Data is obtained through a series of piped functions: sc_init(), sc_filter(), sc_select(), sc_year(), and sc_get(). Unfortunately, the sc_year() function can only take a single-year entry. To simplify the process of grabbing the same data over the course of several years, a simple function was created.

get.data <- function(year, vars.vector){
  print(paste("Grabbing data for",year))
  rscorecard::sc_init() %>%
    rscorecard::sc_filter(ccbasic %in% c(24:32)) %>%
    rscorecard::sc_select_(vars.vector) %>%
    rscorecard::sc_year(year) %>%
    rscorecard::sc_get()
}

As mentioned earlier, the data collection began back in the 1900’s. As it turns out, the variables of interest to our group, earnings later in life and tuition, were not recorded until 2000. Therefore, the earlier years are excluded from our analysis.
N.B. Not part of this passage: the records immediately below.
(* Let $A$ be a unital commutative Banach algebra, $X$ a compact Hausdorff space, and $f:X\to A$ a continuous function. If $f(X)$ generates $A$, then the map $\Phi:\mathfrak{M}(A)\to \vec{\mathrm{sp}}(f)$, $\phi\mapsto\phi\circ f$, is a homeomorphism.
   Context: $\mathfrak{M}(A)$ denotes the character space of $A$ (nonzero multiplicative linear functionals, with the weak* topology). ''$f(X)$ generates $A$'' means that $A$ is the smallest closed subalgebra of $A$ containing $f(X)$ and the unit. The joint spectrum $\vec{\mathrm{sp}}(f)$ is the set of all functions $\lambda:X\to\mathbb{C}$ such that the ideal of $A$ generated by $\{\lambda(x)\mathbf 1-f(x):x\in X\}$ is proper; equivalently $\vec{\mathrm{sp}}(f)=\{\phi\circ f:\phi\in\mathfrak{M}(A)\}$. For continuous $f$ it is a compact subset of $C(X)$, and is given the topology of the uniform norm $\|g\|_X=\sup_{x\in X}|g(x)|$. *)

From HB Require Import structures.
From mathcomp Require Import all_boot all_order all_algebra.
From mathcomp Require Import all_classical all_reals all_analysis.
From mathcomp Require Import complex.
Set Implicit Arguments. Unset Strict Implicit. Unset Printing Implicit Defensive.
Import Order.TTheory GRing.Theory Num.Theory.
Import numFieldTopology.Exports numFieldNormedType.Exports.
Local Open Scope classical_set_scope.
Local Open Scope ring_scope.

(* The complex numbers R[i] get the metric topology of their norm
   (MathComp-Analysis only declares it generically on R^o). *)
HB.instance Definition _ (R : rcfType) :=
  PseudoPointedMetric.copy R[i] (R[i])^o.

(* A (complex) Banach space A : completeNormedModType R[i] is a unital
   commutative Banach algebra for the multiplication [mul] and unit [one]
   when the following axioms hold.  (HB cannot join ComAlgebra with
   NormedModule over R[i], because of the existing NumDomain join, so the
   algebra structure is given by explicit operations.) *)
Record is_comBanachAlg (R : realType) (A : completeNormedModType R[i])
    (mul : A -> A -> A) (one : A) : Prop := {
  ba_mulA : forall x y z, mul x (mul y z) = mul (mul x y) z ;
  ba_mulC : forall x y, mul x y = mul y x ;
  ba_mul1 : forall x, mul one x = x ;
  ba_mulDl : forall x y z, mul (x + y) z = mul x z + mul y z ;
  ba_mulZl : forall (k : R[i]) x y, mul (k *: x) y = k *: mul x y ;
  ba_normM : forall x y, `|mul x y| <= `|x| * `|y| ;
  ba_norm1 : `|one| = 1
}.

Section Defs.
Variables (R : realType) (A : completeNormedModType R[i])
  (mul : A -> A -> A) (one : A).

Definition character (phi : A -> R[i]) : Prop :=
  [/\ forall (k : R[i]) (x y : A), phi (k *: x + y) = k * phi x + phi y,
      forall x y : A, phi (mul x y) = phi x * phi y
    & exists x : A, phi x != 0].

Definition char_space : set (A -> R[i]) := [set phi | character phi].

Definition closed_subalgebra (S : set A) : Prop :=
  [/\ S one, forall x y, S x -> S y -> S (x + y),
      forall (k : R[i]) x, S x -> S (k *: x),
      forall x y, S x -> S y -> S (mul x y)
    & closed S].

Definition generates (G : set A) : Prop :=
  forall S : set A, closed_subalgebra S -> G `<=` S -> S = setT.

Definition ideal_gen (G : set A) : set A :=
  [set a | exists s : seq (A * A),
      (forall p, p \in s -> G p.2) /\ a = \sum_(p <- s) mul p.1 p.2].

Definition joint_spectrum (X : Type) (f : X -> A) : set (X -> R[i]) :=
  [set lambda | ~ ideal_gen [set lambda x *: one - f x | x in [set: X]] one].

End Defs.

(** For [lam] in the joint spectrum let [J] be the closure of the ideal
    generated by the [lam x *: one - f x].  A Neumann series shows that [one]
    is not in [J], hence [|k| <= |a|] whenever [k *: one - a] lies in [J]; so
    such a scalar [k] is unique and the elements of [A] congruent to a scalar
    modulo [J] form a closed unital subalgebra (closedness uses completeness
    of the complex numbers).  It contains [f x] (congruent to [lam x]), so it
    is all of [A], and [a |-> k] is a character [chi] with [chi \o f = lam].
    Two characters that agree on [f(X)] agree on a closed unital subalgebra,
    hence everywhere; thus [Phi] is bijective with inverse [lam |-> chi].
    Characters are 1-Lipschitz, which together with compactness of [X] makes
    [Phi] continuous; and the [a] for which [lam |-> chi a] is continuous on
    the joint spectrum again form a closed unital subalgebra containing
    [f(X)], which makes the inverse continuous. *)

From HB Require Import structures.
From mathcomp Require Import all_boot all_order all_algebra.
From mathcomp Require Import all_classical all_reals all_analysis.
From mathcomp Require Import complex ring.
Import Order.TTheory GRing.Theory Num.Theory.
Import numFieldTopology.Exports numFieldNormedType.Exports.
Local Open Scope classical_set_scope.
Local Open Scope ring_scope.
Set Implicit Arguments. Unset Strict Implicit. Unset Printing Implicit Defensive.

Lemma mul_lt_of_lt_div_succ (R : numFieldType) (M x e : R) : 0 <= M -> 0 <= x ->
  x < e / (M + 1) -> M * x < e.
Proof.
move=> M0 x0 h; have M1 : 0 < M + 1 by rewrite ltr_wpDl.
apply: le_lt_trans (_ : M * x <= (M + 1) * x) _.
  by rewrite ler_wpM2r // lerDl.
by rewrite mulrC -ltr_pdivlMr.
Qed.

Lemma thirdr (F : numFieldType) (x : F) : x = x / 3 + x / 3 + x / 3.
Proof. by field. Qed.

Definition cauchy_seq (K : numDomainType) (V : normedZmodType K) (u : nat -> V) :=
  forall e : K, 0 < e -> exists N, forall n, (N <= n)%N -> `|u N - u n| < e.

Definition seq_cvg_to (K : numDomainType) (V : normedZmodType K) (u : nat -> V) l :=
  forall e : K, 0 < e -> exists N, forall n, (N <= n)%N -> `|u n - l| < e.

Lemma cauchy_seq_cauchy (K : numFieldType) (V : pseudoMetricNormedZmodType K)
    (u : nat -> V) :
  cauchy_seq u -> cauchy (u @ \oo).
Proof.
move=> h; apply/cauchyP => e e0; have [N hN] := h e e0.
by exists (u N), N => // n /hN; rewrite -ball_normE.
Qed.

Section ComplexSequences.
Variable R : realType.
Local Open Scope complex_scope.
Local Notation Re := complex.Re.
Local Notation Im := complex.Im.

Lemma gtC0_real (e : R[i]) : 0 < e -> e = (Re e)%:C /\ 0 < Re e.
Proof. by case: e => a b; rewrite ltcE /= => /andP[/eqP -> ha]. Qed.

Lemma geC0_real (e : R[i]) : 0 <= e -> e = (Re e)%:C /\ 0 <= Re e.
Proof. by case: e => a b; rewrite lecE /= => /andP[/eqP -> ha]. Qed.

Lemma exprn_lt_eps (r : R[i]) : 0 <= r -> r < 1 ->
  forall e, 0 < e -> exists N, r ^+ N < e.
Proof.
move=> /geC0_real [-> r0] r1 e /gtC0_real [-> e0].
move: r1; rewrite -[1]/(1%:C) ltcR => r1.
have := @cvg_geometric R 1 (Re r).
rewrite ger0_norm // => /(_ r1) /cvgrPdist_lt /(_ _ e0) [N _ hN].
exists N; rewrite -rmorphXn /= ltcR.
by have := hN N (leqnn N); rewrite /geometric /= sub0r normrN mul1r ger0_norm ?exprn_ge0.
Qed.

Lemma normc_ge_Im (z : R[i]) : `|Im z|%:C <= `|z|.
Proof. by rewrite normc_def lecR -sqrtr_sqr ler_wsqrtr // lerDr sqr_ge0. Qed.

Lemma normc_le_ReIm (z : R[i]) : `|z| <= (`|Re z| + `|Im z|)%:C.
Proof.
rewrite {1}[z]complexE; apply: le_trans (ler_normD _ _) _.
have normcR (a : R) : `|a%:C| = `|a|%:C.
  by rewrite normc_def /= expr0n addr0 sqrtr_sqr.
have normci : `|'i| = 1 :> R[i] by rewrite normc_def /= expr0n add0r expr1n sqrtr1.
by rewrite normrM normci !normcR mul1r rmorphD.
Qed.

Lemma cauchy_seqR_cvg (v : nat -> R) : cauchy_seq v -> exists l, seq_cvg_to v l.
Proof.
move=> /cauchy_seq_cauchy /R_complete /cvg_ex [l /cvgrPdist_lt hl]; exists l => e e0.
by have [N _ hN] := hl e e0; exists N => n /hN; rewrite distrC.
Qed.

(* [R[i]] carries no [completeType] structure: completeness is obtained from
   that of [R] through real and imaginary parts. *)
Lemma cauchy_seqC_cvg (u : nat -> R[i]) : cauchy_seq u -> exists l, seq_cvg_to u l.
Proof.
move=> h; have [lr hr] : exists l, seq_cvg_to (fun n => Re (u n)) l.
  apply: cauchy_seqR_cvg => e e0; have [|N hN] := h e%:C; first by rewrite ltcR.
  exists N => n /hN hn; rewrite -ltcR -raddfB; exact: le_lt_trans (normc_ge_Re _) hn.
have [li hi] : exists l, seq_cvg_to (fun n => Im (u n)) l.
  apply: cauchy_seqR_cvg => e e0; have [|N hN] := h e%:C; first by rewrite ltcR.
  exists N => n /hN hn; rewrite -ltcR -raddfB; exact: le_lt_trans (normc_ge_Im _) hn.
exists (lr +i* li) => e /gtC0_real [-> e0].
have e2 : 0 < Re e / 2 by rewrite divr_gt0.
have [N1 h1] := hr _ e2; have [N2 h2] := hi _ e2.
exists (maxn N1 N2) => n; rewrite geq_max => /andP[n1 n2].
apply: le_lt_trans (normc_le_ReIm _) _; rewrite ltcR [Re e]splitr !raddfB /=.
by apply: ltrD; [exact: h1 | exact: h2].
Qed.

End ComplexSequences.

Section BanachAlgebra.
Variables (R : realType) (A : completeNormedModType R[i]).
Variables (mul : A -> A -> A) (one : A).
Hypothesis HA : is_comBanachAlg mul one.

Lemma bmulA x y z : mul x (mul y z) = mul (mul x y) z. Proof. exact: (ba_mulA HA). Qed.
Lemma bmulC x y : mul x y = mul y x. Proof. exact: (ba_mulC HA). Qed.
Lemma bmul1r x : mul one x = x. Proof. exact: (ba_mul1 HA). Qed.
Lemma bmulr1 x : mul x one = x. Proof. by rewrite bmulC bmul1r. Qed.
Lemma bmulDl x y z : mul (x + y) z = mul x z + mul y z. Proof. exact: (ba_mulDl HA). Qed.
Lemma bmulDr x y z : mul x (y + z) = mul x y + mul x z.
Proof. by rewrite bmulC bmulDl !(bmulC x). Qed.
Lemma bmulZl k x y : mul (k *: x) y = k *: mul x y. Proof. exact: (ba_mulZl HA). Qed.
Lemma bmulZr k x y : mul x (k *: y) = k *: mul x y.
Proof. by rewrite bmulC bmulZl bmulC. Qed.
Lemma bmul0r x : mul x 0 = 0.
Proof. by have := bmulZr 0 x 0; rewrite !scale0r. Qed.
Lemma bmulNr x y : mul x (- y) = - mul x y.
Proof. by rewrite -scaleN1r bmulZr scaleN1r. Qed.
Lemma bmulBl x y z : mul (x - y) z = mul x z - mul y z.
Proof. by rewrite bmulC bmulDr bmulNr !(bmulC z). Qed.
Lemma bmulBr x y z : mul x (y - z) = mul x y - mul x z.
Proof. by rewrite bmulDr bmulNr. Qed.
Lemma bnormM x y : `|mul x y| <= `|x| * `|y|. Proof. exact: (ba_normM HA). Qed.
Lemma bnorm1 : `|one| = 1. Proof. exact: (ba_norm1 HA). Qed.

Lemma bscaleE k x : k *: x = mul (k *: one) x.
Proof. by rewrite bmulZl bmul1r. Qed.

Lemma bmul_suml (I : Type) (s : seq I) (F : I -> A) y :
  mul (\sum_(i <- s) F i) y = \sum_(i <- s) mul (F i) y.
Proof.
elim: s => [|a s IH]; first by rewrite !big_nil bmulC bmul0r.
by rewrite !big_cons bmulDl IH.
Qed.

Definition bexp b n := iter n (mul b) one.

Lemma norm_bexp b n : `|bexp b n| <= `|b| ^+ n.
Proof.
elim: n => [|n IH] /=; first by rewrite bnorm1 expr0.
by rewrite exprS; apply: le_trans (bnormM _ _) _; rewrite ler_wpM2l.
Qed.

Definition geo_sum b n := \sum_(k < n) bexp b k.

Lemma mul_geo_sum b n : mul (one - b) (geo_sum b n) = one - bexp b n.
Proof.
rewrite /geo_sum; elim: n => [|n IH]; first by rewrite big_ord0 bmul0r subrr.
by rewrite big_ord_recr bmulDr IH bmulBl bmul1r addrA subrK.
Qed.

Lemma norm_geo_sumB b n j : `|b| <= 1 ->
  `|geo_sum b (n + j) - geo_sum b n| * (1 - `|b|) <= `|b| ^+ n - `|b| ^+ (n + j).
Proof.
move=> b1; have r0 : 0 <= 1 - `|b| by rewrite subr_ge0.
elim: j => [|j IH]; first by rewrite addn0 !subrr normr0 mul0r.
rewrite addnS {1}/geo_sum big_ord_recr /= -/(geo_sum b (n + j)) addrAC.
apply: le_trans (ler_wpM2r r0 (ler_normD _ _)) _.
rewrite mulrDl; apply: le_trans (lerD IH (ler_wpM2r r0 (norm_bexp b (n + j)))) _.
by rewrite exprS mulrBr mulr1 addrA subrK mulrC.
Qed.

Lemma geo_sum_cauchy b : `|b| < 1 -> cauchy_seq (geo_sum b).
Proof.
move=> b1 e e0; have r1 : 0 < 1 - `|b| by rewrite subr_gt0.
have [N hN] := exprn_lt_eps (normr_ge0 b) b1 (mulr_gt0 e0 r1).
exists N => n Nn; rewrite -(subnKC Nn) distrC -(ltr_pM2r r1).
apply: le_lt_trans (norm_geo_sumB N (n - N) (ltW b1)) (le_lt_trans _ hN).
by rewrite lerBlDr lerDl exprn_ge0.
Qed.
years <- c(2000:as.numeric(format(Sys.Date(), "%Y")))
csb.data <- dplyr::bind_rows( lapply(years, get.data, vars_to_pull) )

1.2 Continual Aquisition

The server which hosts the college data only allows up to 100 calls at a given time. Due to the use of Github Actions to automatically re-render the report after any changes pushed to the main branch, this access limitation makes it impractical for long-term data sourcing. Therefore, the compiled data was converted into a csv file and stored remotely in Google’s cloud service (Google Drive) to facilitate unrestricted access to the data.

write.csv(csb.data, "CollegeScorecardData20to21.csv", row.names=F)

The data stored on Google Drive can henceforth be obtained through a download using the id of the file and the following Google address to access it.

id <- "1Sfa6V3vhxQU3wDMTKsPUpnkp9DX8gsOK"
csb.data <- read.csv(sprintf("https://docs.google.com/uc?id=%s&export=download", id))